OneMath Kernel Library:2024.1.0.696;

  1. I've tried encapsulating the DFT settings in a non-kernel function and then the device kernel calls that function. But it will report errors: 【SYCL kernel cannot call an undefined function without SYCL_EXTERNAL attribute】【 SYCL kernel cannot call a variadic function】

  2. I checked the SYCL2020 standard: 【SYCL device code, as defined by this specification, does not support virtual function calls, function pointers in general, exceptions, runtime type information or the full set of C++ libraries that may depend on these features or on features of a particular host compiler. Nevertheless, these basic restrictions can be relieved by some specific Khronos or vendor extensions.】From the above, I can conclude that the DFT of Intel's oneMKL library should be callable in the kernel.(maybe?)

  3. Expect to be able to call this DFT in the kernel (Intel GPU).

  4. Below is the DFT implementing oneMKL in CPU:

#include <iostream>
#include <mkl_dfti.h>
#include <complex>
#include <vector>
using namespace std;

int main() {

    complex<double> input[48] = { 0.5,-0.991445,0.258819,0.793353,-0.866025,-0.130526,0.965926,-0.608761,-0.5,0.991445,-0.258819,-0.793353,0.8 66025,0.130526,-0.965926,0.608761, 0.5,-0.991445,0.258819,0.793353,-0.866025,-0.130526,0.965926,-0.608761,-0.5,0.991445,-0.258819,-0.793353,0.866025,0.13052 6,-0.965926,0.608761,0.5,-0.991445,0.258819,0.793353,- 0.866025,-0.130526,0.965926,-0.608761,-0.5,0.991445,-0.258819,-0.793353,0.866025,0.130526,-0.965926,0.608761 };
    complex<double> output[48]; // Output for complex-to-complex DFT;
    
    DFTI_DESCRIPTOR_HANDLE my_desc_handle = NULL; // Descriptor handle for complex to complex FFT;

    MKL_LONG status; // Variable to store command execution status;
    status = DftiCreateDescriptor(&my_desc_handle, DFTI_DOUBLE, DFTI_COMPLEX, 1, 48); // Create a descriptor;
    status = DftiSetValue(my_desc_handle, DFTI_PLACEMENT, DFTI_NOT_INPLACE); // Set non-in-place operations;
    status = DftiSetValue(my_desc_handle, DFTI_NUMBER_OF_TRANSFORMS, 1); //Set the number of transformations to 1;
    status = DftiCommitDescriptor(my_desc_handle); // Submit the descriptor to make its configuration effective;
    status = DftiComputeForward(my_desc_handle, input, output); // Execute forward FFT;
    status = DftiFreeDescriptor(&my_desc_handle); // Release descriptor;

    cout << "FFT result:" << endl; //Output the FFT result from complex number to complex number
    for (int i = 0; i < 48; i++) {
        cout << output[i] << "\n";
    }
    cout << endl << endl;

    return 0;
}

Solution

  • Intel oneMKL follows the UXL Foundation's oneAPI specification, as detailed here.
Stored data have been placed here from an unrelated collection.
(* Let $V,W$ be finite-dimensional Hermitian vector spaces, $\tilde W=V\oplus V\oplus W$, and $B_1,B_2\in\mathrm{End}(V)$, $i\in\mathrm{Hom}(W,V)$, $j\in\mathrm{Hom}(V,W)$. Define right $\mathfrak{M}^{\rm I}_q$-linear maps $\alpha_{\rm I}:V\otimes\mathfrak{M}^{\rm I}_q\to\tilde W\otimes\mathfrak{M}^{\rm I}_q$, $\beta_{\rm I}:\tilde W\otimes\mathfrak{M}^{\rm I}_q\to V\otimes\mathfrak{M}^{\rm I}_q$ by $$\alpha_{\rm I}=\begin{pmatrix}B_1\otimes 1-1\otimes x_{21'}\\ B_2\otimes1-1\otimes x_{22'}\\ j\otimes 1\end{pmatrix},\qquad \beta_{\rm I}=\begin{pmatrix}-B_2\otimes1+1\otimes x_{22'} & B_1\otimes1-1\otimes x_{21'} & i\otimes1\end{pmatrix},$$ and their adjoints $$\beta_{\rm I}^\dagger=\begin{pmatrix}-B_2^\dagger\otimes1+1\otimes x_{11'}\\ B_1^\dagger\otimes1+1\otimes x_{12'}\\ i^\dagger\otimes1\end{pmatrix},\qquad \alpha_{\rm I}^\dagger=\begin{pmatrix}B_1^\dagger\otimes1+1\otimes x_{12'} & B_2^\dagger\otimes1-1\otimes x_{11'} & j^\dagger\otimes1\end{pmatrix}.$$ Then (1) $\beta_{\rm I}\alpha_{\rm I}=0$ if and only if $[B_1,B_2]+ij=0$; (2) $\beta_{\rm I}\beta_{\rm I}^\dagger=\alpha_{\rm I}^\dagger\alpha_{\rm I}$ if and only if $[B_1,B_1^\dagger]+[B_2,B_2^\dagger]+ii^\dagger-j^\dagger j=0$.
   Context: $q$ is a nonzero complex (e.g. positive real) parameter. $\mathfrak{M}^{\rm I}_q$ is the algebra generated by $x_{11'},x_{12'},x_{21'},x_{22'}$ subject to $x_{11'}x_{12'}=x_{12'}x_{11'}$, $x_{21'}x_{22'}=x_{22'}x_{21'}$, $[x_{11'},x_{22'}]+[x_{21'},x_{12'}]=0$, $x_{11'}x_{21'}=q^{-2}x_{21'}x_{11'}$, $x_{12'}x_{22'}=q^{-2}x_{22'}x_{12'}$, $x_{21'}x_{12'}=q^2x_{12'}x_{21'}$ (realized inside $\widetilde{SL}(2)_q$ as $x_{11'}=\delta g_{11'}$, $x_{12'}=q^{-1/2}\delta g_{12'}$, $x_{21'}=q^{1/2}\delta g_{21'}$, $x_{22'}=\delta g_{22'}$). For a finite-dimensional vector space $U$, $U\otimes\mathfrak{M}^{\rm I}_q$ is a free right $\mathfrak{M}^{\rm I}_q$-module; for linear maps $A:U_1\to U_2$ and $x\in\mathfrak{M}^{\rm I}_q$, $A\otimes x$ denotes the right-linear map $v\otimes f\mapsto Av\otimes xf$. Block matrices act in the obvious way, and $\dagger$ on $B_k,i,j$ is the Hermitian adjoint. *)

From HB Require Import structures.
From mathcomp Require Import all_boot all_order all_algebra.
Set Implicit Arguments. Unset Strict Implicit. Unset Printing Implicit Defensive.
Import GRing.Theory Num.Theory.
Local Open Scope ring_scope.

(* Conventions:
   - C : the complex scalars (any numClosedFieldType; e.g. complex numbers), with
     conjugation Num.conj.
   - A finite-dimensional Hermitian space of dimension n is identified (via an
     orthonormal basis) with C^n with the standard inner product; hence linear
     maps are matrices and the Hermitian adjoint is the conjugate transpose.
   - U (x) M, for M a C-algebra, is the free right M-module M^(dim U) (column
     vectors); a right M-linear map between such modules is a matrix over M acting
     by left multiplication, and composition is the matrix product over M.
   - A (x) x  is the right-linear map v (x) f |-> A v (x) x f, i.e. the matrix
     with entries A_kl *: x. *)

Definition dag (C : numClosedFieldType) p r (A : 'M[C]_(p, r)) : 'M[C]_(r, p) :=
  (map_mx Num.conj A)^T.

Definition tensmx (C : numClosedFieldType) (M : algType C) p r
  (A : 'M[C]_(p, r)) (x : M) : 'M[M]_(p, r) := map_mx (fun a => a *: x) A.

Definition MIq_relations (C : numClosedFieldType) (M : algType C) (q : C)
  (x11 x12 x21 x22 : M) : Prop :=
  x11 * x12 = x12 * x11 /\
  x21 * x22 = x22 * x21 /\
  (x11 * x22 - x22 * x11) + (x21 * x12 - x12 * x21) = 0 /\
  x11 * x21 = q ^- 2 *: (x21 * x11) /\
  x12 * x22 = q ^- 2 *: (x22 * x12) /\
  x21 * x12 = q ^+ 2 *: (x12 * x21).

Section Maps.
Variables (C : numClosedFieldType) (M : algType C) (n m : nat).
Variables (x11 x12 x21 x22 : M).
Variables (B1 B2 : 'M[C]_n) (i : 'M[C]_(n, m)) (j : 'M[C]_(m, n)).

Local Notation "A \ox x" := (tensmx A x) (at level 40).

Definition alphaI : 'M[M]_(n + n + m, n) :=
  col_mx (col_mx (B1 \ox 1 - 1%:M \ox x21) (B2 \ox 1 - 1%:M \ox x22)) (j \ox 1).

Definition betaI : 'M[M]_(n, n + n + m) :=
  row_mx (row_mx (- (B2 \ox 1) + 1%:M \ox x22) (B1 \ox 1 - 1%:M \ox x21)) (i \ox 1).

Definition betaI_dag : 'M[M]_(n + n + m, n) :=
  col_mx (col_mx (- (dag B2 \ox 1) + 1%:M \ox x11) (dag B1 \ox 1 + 1%:M \ox x12))
         (dag i \ox 1).

Definition alphaI_dag : 'M[M]_(n, n + n + m) :=
  row_mx (row_mx (dag B1 \ox 1 + 1%:M \ox x12) (dag B2 \ox 1 - 1%:M \ox x11))
         (dag j \ox 1).

End Maps.

(* With u = B1 (x) 1 - 1 (x) x21, v = B2 (x) 1 - 1 (x) x22 and u', v' the
   matching entries of the adjoints, beta = (-v, u, i) and alpha = (u, v, j), so
   beta alpha = [u, v] + ij (x) 1 and
   beta beta^dag - alpha^dag alpha = [u, u'] + [v, v'] + (ii^dag - j^dag j) (x) 1.
   As A (x) 1 commutes with 1 (x) x, the bracket splits as
   [A (x) 1 + 1 (x) x, B (x) 1 + 1 (x) y] = [A, B] (x) 1 + 1 (x) [x, y], and the
   algebra parts vanish by x21 x22 = x22 x21 and [x11, x22] + [x21, x12] = 0.  Finally A (x) 1 = 0 forces
   A = 0 because 1 != 0 in M. *)

From HB Require Import structures.
From mathcomp Require Import all_boot all_order all_algebra.

Set Implicit Arguments. Unset Strict Implicit. Unset Printing Implicit Defensive.
Import GRing.Theory Num.Theory.
Local Open Scope ring_scope.

Local Notation "A \ox x" := (tensmx A x) (at level 35).

Definition mxbracket (R : pzRingType) n (A B : 'M[R]_n) : 'M[R]_n := A *m B - B *m A.

Section TensorMatrices.
Variables (C : numClosedFieldType) (M : algType C).

Lemma tensmx_mul p r s (A : 'M[C]_(p, r)) (B : 'M[C]_(r, s)) (x y : M) :
  A \ox x *m B \ox y = (A *m B) \ox (x * y).
Proof.
apply/matrixP=> a b; rewrite !mxE scaler_suml; apply: eq_bigr => k _.
by rewrite !mxE -scalerAl -scalerAr scalerA.
Qed.

Lemma tensmxDl p r (A B : 'M[C]_(p, r)) (x : M) : (A + B) \ox x = A \ox x + B \ox x.
Proof. by apply/matrixP=> a b; rewrite !mxE scalerDl. Qed.

Lemma tensmxNl p r (A : 'M[C]_(p, r)) (x : M) : (- A) \ox x = - (A \ox x).
Proof. by apply/matrixP=> a b; rewrite !mxE scaleNr. Qed.

Lemma tensmxBl p r (A B : 'M[C]_(p, r)) (x : M) : (A - B) \ox x = A \ox x - B \ox x.
Proof. by rewrite tensmxDl tensmxNl. Qed.

Lemma tensmxDr p r (A : 'M[C]_(p, r)) (x y : M) : A \ox (x + y) = A \ox x + A \ox y.
Proof. by apply/matrixP=> a b; rewrite !mxE scalerDr. Qed.

Lemma tensmxNr p r (A : 'M[C]_(p, r)) (x : M) : A \ox (- x) = - (A \ox x).
Proof. by apply/matrixP=> a b; rewrite !mxE scalerN. Qed.

Lemma tensmx0r p r (A : 'M[C]_(p, r)) : A \ox (0 : M) = 0.
Proof. by apply/matrixP=> a b; rewrite !mxE scaler0. Qed.

Lemma tensmx0l p r (x : M) : (0 : 'M[C]_(p, r)) \ox x = 0.
Proof. by apply/matrixP=> a b; rewrite !mxE scale0r. Qed.

Lemma tensmx1_eq0 p r (A : 'M[C]_(p, r)) : A \ox (1 : M) = 0 <-> A = 0.
Proof.
split=> [/matrixP A1_0 | ->]; last exact: tensmx0l.
apply/matrixP=> a b; move: (A1_0 a b); rewrite !mxE => /eqP.
by rewrite scaler_eq0 oner_eq0 orbF => /eqP.
Qed.

Lemma mxbracket_tensD n (A B : 'M[C]_n) (x y : M) :
  mxbracket (A \ox 1 + 1%:M \ox x) (B \ox 1 + 1%:M \ox y)
  = mxbracket A B \ox 1 + 1%:M \ox (x * y - y * x).
Proof.
rewrite /mxbracket !mulmxDl !mulmxDr !tensmx_mul !mul1mx !mulmx1 !mul1r !mulr1.
rewrite tensmxBl tensmxDr tensmxNr.
rewrite [(B *m A) \ox 1 + _ + _]addrACA opprD addrACA.
by rewrite [(B *m A) \ox 1 + _]addrC addrKA [B \ox x + _]addrC addrKA.
Qed.

End TensorMatrices.

Section MonadMaps.
Variables (C : numClosedFieldType) (M : algType C) (n m : nat).
Variables (x11 x12 x21 x22 : M).
Variables (B1 B2 : 'M[C]_n) (i : 'M[C]_(n, m)) (j : 'M[C]_(m, n)).

Lemma betaI_alphaI : x21 * x22 = x22 * x21 ->
  betaI x21 x22 B1 B2 i *m alphaI x21 x22 B1 B2 j = (mxbracket B1 B2 + i *m j) \ox 1.
Proof.
move=> x2C; rewrite /betaI /alphaI !mul_row_col.
set u := B1 \ox 1 - 1%:M \ox x21; set v := B2 \ox 1 - 1%:M \ox x22.
have -> : - (B2 \ox 1) + 1%:M \ox x22 = - v by rewrite opprB addrC.
rewrite mulNmx [- _ + _]addrC -[u *m v - _]/(mxbracket u v) /u /v -!tensmxNr.
by rewrite mxbracket_tensD !mulrNN x2C subrr tensmx0r addr0 tensmx_mul mulr1 -tensmxDl.
Qed.

Lemma betaI_betaI_dag_sub :
  x11 * x22 - x22 * x11 + (x21 * x12 - x12 * x21) = 0 ->
  betaI x21 x22 B1 B2 i *m betaI_dag x11 x12 B1 B2 i
    - alphaI_dag x11 x12 B1 B2 j *m alphaI x21 x22 B1 B2 j
  = (mxbracket B1 (dag B1) + mxbracket B2 (dag B2) + i *m dag i - dag j *m j) \ox 1.
Proof.
move=> xrel; rewrite /betaI /alphaI /betaI_dag /alphaI_dag !mul_row_col.
set u := B1 \ox 1 - 1%:M \ox x21; set v := B2 \ox 1 - 1%:M \ox x22.
set u' := dag B1 \ox 1 + 1%:M \ox x12; set v' := dag B2 \ox 1 - 1%:M \ox x11.
have -> : - (B2 \ox 1) + 1%:M \ox x22 = - v by rewrite opprB addrC.
have -> : - (dag B2 \ox 1) + 1%:M \ox x11 = - v' by rewrite opprB addrC.
rewrite mulNmx mulmxN opprK [v *m v' + _]addrC opprD addrACA.
rewrite opprD [u *m u' + _ + _]addrACA.
rewrite -[u *m u' - _]/(mxbracket u u') -[v *m v' - _]/(mxbracket v v').
rewrite /u /v /u' /v' -!tensmxNr !mxbracket_tensD !tensmx_mul !mulr1.
rewrite [mxbracket B1 _ \ox 1 + _ + _]addrACA -tensmxDr.
have -> : - x21 * x12 - x12 * - x21 + (- x22 * - x11 - - x11 * - x22) = 0.
  rewrite mulNr mulrN opprK !mulrNN -oppr0 -xrel opprD !opprB.
  by rewrite addrC [- _ + _]addrC.
by rewrite tensmx0r addr0 -tensmxBl -!tensmxDl addrA.
Qed.
End MonadMaps.

Theorem proposition3p8 (C : numClosedFieldType) (q : C) (hq : q != 0)
  (M : algType C) (x11 x12 x21 x22 : M)
  (hrel : MIq_relations q x11 x12 x21 x22)
  (n m : nat) (B1 B2 : 'M[C]_n) (i : 'M[C]_(n, m)) (j : 'M[C]_(m, n)) :
  (betaI x21 x22 B1 B2 i *m alphaI x21 x22 B1 B2 j = 0
     <-> B1 *m B2 - B2 *m B1 + i *m j = 0)
  /\
  (betaI x21 x22 B1 B2 i *m betaI_dag x11 x12 B1 B2 i
     = alphaI_dag x11 x12 B1 B2 j *m alphaI x21 x22 B1 B2 j
     <-> (B1 *m dag B1 - dag B1 *m B1) + (B2 *m dag B2 - dag B2 *m B2)
           + i *m dag i - dag j *m j = 0).
Proof.
case: hrel => _ [x2C [xrel _]]; split.
  by rewrite betaI_alphaI //; apply: tensmx1_eq0.
have diffK := betaI_betaI_dag_sub B1 B2 i j xrel.
split=> [betaI2_eq | K0].
  by move: diffK; rewrite betaI2_eq subrr => /esym /tensmx1_eq0.
by apply/subr0_eq; rewrite diffK K0 tensmx0l.
Qed.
    I haven't tested the following code, but I would expect the following to about right:

    oneapi::mkl::dft::descriptor<oneapi::mkl::dft::precision::DOUBLE,
                                     oneapi::mkl::dft::domain::COMPLEX>
            desc(static_cast<std::int64_t>(48));
    desc.set_value(oneapi::mkl::dft::config_param::PLACEMENT,
                       oneapi::mkl::dft::config_value::NOT_INPLACE);
    desc.set_value(oneapi::mkl::dft::config_param::NUMBER_OF_TRANSFORMS,
                       static_cast<std::int64_t>(1));
    desc.commit(my_sycl_queue);
    auto compute_event = oneapi::mkl::dft::compute_forward(desc, input, output);
    // ... wait for the event to complete
    compute_event.wait_and_throw();
    

    For more complete example (including getting a queue, memory allocation, and both the buffer and USM APIs), try looking at the repo of the oneMKL interface project (same interface as Intel oneMKL, but calls Intel/Nvidia/AMD/pure SYCL libraries according to the device used), or at the examples provided with oneMKL in the base toolkit at <ONEMKL_BASE>/mkl/latest/share/doc/mkl/examples/examples_sycl.tgz and (after decompressing that) <examples_sycl>/sycl/dft/.